REQUIRED WORK:
The full set of records must be returned exactly, character for character.
### INFORMATION PROVIDED
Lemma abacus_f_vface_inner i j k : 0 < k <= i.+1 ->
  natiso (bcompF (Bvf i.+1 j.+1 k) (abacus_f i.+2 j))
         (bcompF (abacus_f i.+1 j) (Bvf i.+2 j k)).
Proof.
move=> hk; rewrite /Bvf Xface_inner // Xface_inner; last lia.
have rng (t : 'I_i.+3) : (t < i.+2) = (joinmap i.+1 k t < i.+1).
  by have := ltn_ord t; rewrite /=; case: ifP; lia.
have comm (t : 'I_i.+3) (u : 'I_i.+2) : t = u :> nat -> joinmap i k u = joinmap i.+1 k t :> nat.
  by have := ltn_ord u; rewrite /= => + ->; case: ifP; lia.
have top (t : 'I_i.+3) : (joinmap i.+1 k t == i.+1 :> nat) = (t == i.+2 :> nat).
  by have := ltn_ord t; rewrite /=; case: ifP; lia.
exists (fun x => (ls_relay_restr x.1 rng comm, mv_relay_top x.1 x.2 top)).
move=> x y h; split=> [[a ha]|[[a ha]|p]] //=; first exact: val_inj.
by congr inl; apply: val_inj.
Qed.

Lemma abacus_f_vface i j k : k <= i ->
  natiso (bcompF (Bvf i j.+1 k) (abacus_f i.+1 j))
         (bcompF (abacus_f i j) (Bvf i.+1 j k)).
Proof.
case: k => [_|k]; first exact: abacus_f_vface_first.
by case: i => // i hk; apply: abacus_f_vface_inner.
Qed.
######
SOLUTION:
Lemma abacus_f_vface_inner i j k : 0 < k <= i.+1 ->
  natiso (bcompF (Bvf i.+1 j.+1 k) (abacus_f i.+2 j))
         (bcompF (abacus_f i.+1 j) (Bvf i.+2 j k)).
Proof.
move=> hk; rewrite /Bvf Xface_inner // Xface_inner; last lia.
have rng (t : 'I_i.+3) : (t < i.+2) = (joinmap i.+1 k t < i.+1).
  by have := ltn_ord t; rewrite /=; case: ifP; lia.
have comm (t : 'I_i.+3) (u : 'I_i.+2) : t = u :> nat -> joinmap i k u = joinmap i.+1 k t :> nat.
  by have := ltn_ord u; rewrite /= => + ->; case: ifP; lia.
have top (t : 'I_i.+3) : (joinmap i.+1 k t == i.+1 :> nat) = (t == i.+2 :> nat).
  by have := ltn_ord t; rewrite /=; case: ifP; lia.
exists (fun x => (ls_relay_restr x.1 rng comm, mv_relay_top x.1 x.2 top)).
move=> x y h; split=> [[a ha]|[[a ha]|p]] //=; first exact: val_inj.
by congr inl; apply: val_inj.
Qed.

Lemma abacus_f_vface i j k : k <= i ->
  natiso (bcompF (Bvf i j.+1 k) (abacus_f i.+1 j))
         (bcompF (abacus_f i j) (Bvf i.+1 j k)).
Proof.
case: k => [_|k]; first exact: abacus_f_vface_first.
by case: i => // i hk; apply: abacus_f_vface_inner.
Qed.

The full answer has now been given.